While operating(changing the viewing matrix) it is possibly not necessary to show all 6 million points but only some of them or the bounding box, so you don’t need vertex arrays or vbos and can send your data directly to the graphics card, if the viewing operation is over.

( sorry for my bad english )

Could you elaborate what do you mean by sending data direct to the card?

simply with glVertex() :slight_smile:
ok but if you are holding your data anyway in memory, vertex arrays or vbo’s would be better

glVertex does not send the data direct to the card, but constructs a kind of vertex array internally before sendint it to the card + you get the setup and multiple call overhead. This is the reason why the immediate mode is so much slower compared to VBOs, where the data for rendering is already in the server space.

I would suggest sorting your points into an octtree by dividing the world into 8 sections recursively until each octant contains less than some constant amount of points (say 5000). Then you create a vertex array for each octtant. Now you can cull by checking the octtant bounding box against your frustum, and reject large amounts of points.

Even if you do not CULL, you can now draw each octtant and get everything rendered. The issue you are seeing is because you try and shove all of those points into one array. If that array is larger than your memory, you are in trouble. If you break them up into smaller portions, your card can discard older sets for the latest one you rendered. It’ll be slow, but work.

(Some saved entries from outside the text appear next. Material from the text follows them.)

Lemma turns_insert up a l j : admissible up a l -> ddfree (~~ up) a (insert_at j x l) ->
  turns up a l <= turns up a (insert_at j x l) <= turns up a l + 2.
Proof.
elim: l up a j => [|b r IH] up a j adm.
  by rewrite insert_at_nil /= (admissible_ltn adm); case: up {adm}.
have adm' := admissible_behead adm; have neq_ab := admissible_neq adm.
case: j => [|j]; last first.
  rewrite insert_atS /= => /andP [_ ddf].
  by have := IH _ _ j adm'; rewrite neq_ltnN // => /(_ ddf); lia.
have ltax := admissible_ltn adm; have ltbx := admissible_ltn adm'.
rewrite insert_at0 /= ltax ltbx (ltnNge x a) (ltnW ltax) (ltnNge x b) (ltnW ltbx) /=.
case: (ltngtP a b) neq_ab (admissible_up adm) => //= _ _; last by move/(_ isT) ->; lia.
case: r adm' {IH adm} => [|c r] adm' _ /=; first by case: up; lia.
have neq_bc := admissible_neq adm'.
by case: (ltngtP b c) neq_bc => //= _ _; case: up; lia.
Qed.

End InsertMax.

Lemma has_double_descent_cons a b c l : has_double_descent [:: a, b, c & l] =
  ((b < a) && (c < b)) || has_double_descent [:: b, c & l].
Proof. by rewrite /has_double_descent /= !subn2 /= -(addn0 1) iotaDl has_map. Qed.

Lemma ddfree_has_double_descent a b l :
  ddfree (b < a) b l = ~~ has_double_descent [:: a, b & l].
Proof. by elim: l a b => [|c l IH] a b //=; rewrite IH has_double_descent_cons negb_or. Qed.

Lemma ddfree0 s : ddfree false 0 s = ~~ has_double_descent s.
Proof.
case: s => [|b r] //=; rewrite (ddfree_has_double_descent 0 b r).
by case: r => [|c r] //; rewrite has_double_descent_cons.
Qed.

Lemma direction_changes_cons a b c l : direction_changes [:: a, b, c & l] =
  ((a < b) != (b < c)) + direction_changes [:: b, c & l].
Proof.
by rewrite /direction_changes /= !subn2 /= (iotaDl 2 0) (iotaDl 1 0) !count_map.
Qed.

Lemma direction_changes_turns a b l : direction_changes [:: a, b & l] = turns (a < b) b l.
Proof. by elim: l a b => [|c l IH] a b //; rewrite direction_changes_cons IH. Qed.

Lemma direction_changes0 s : 0 \notin s -> direction_changes (0 :: s) = turns true 0 s.
Proof.
case: s => [|b r] //; rewrite inE negb_or => /andP [b_neq0 _].
by rewrite direction_changes_turns /= lt0n eq_sym b_neq0.
Qed.

Fixpoint perm_words n : seq (seq nat) :=
  if n is m.+1 then [seq insert_at j m.+1 s | s <- perm_words m, j <- iota 0 m.+1]
  else [:: [::]].

Lemma perm_wordsS n :
  perm_words n.+1 = [seq insert_at j n.+1 s | s <- perm_words n, j <- iota 0 n.+1].
Proof. by []. Qed.

Lemma iota1S n : iota 1 n.+1 = rcons (iota 1 n) n.+1.
Proof. by rewrite -cats1 -{1}(addn1 n) iotaD add1n. Qed.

Also, rendering more than about 5000 at a time will be slow anyway.

Hello Zengar,

oh I don’t know this with the internal vertex array :eek: .
Would this internal array be erased if you call glFlush() between?
Then you could maybe call glFlush every 500000 points.


Dj3hut1, the golden rule is to avoid immediate mode (glVertex) alltogether. Never use it if you want performance (except you only need one quad or such): it is really SLOW.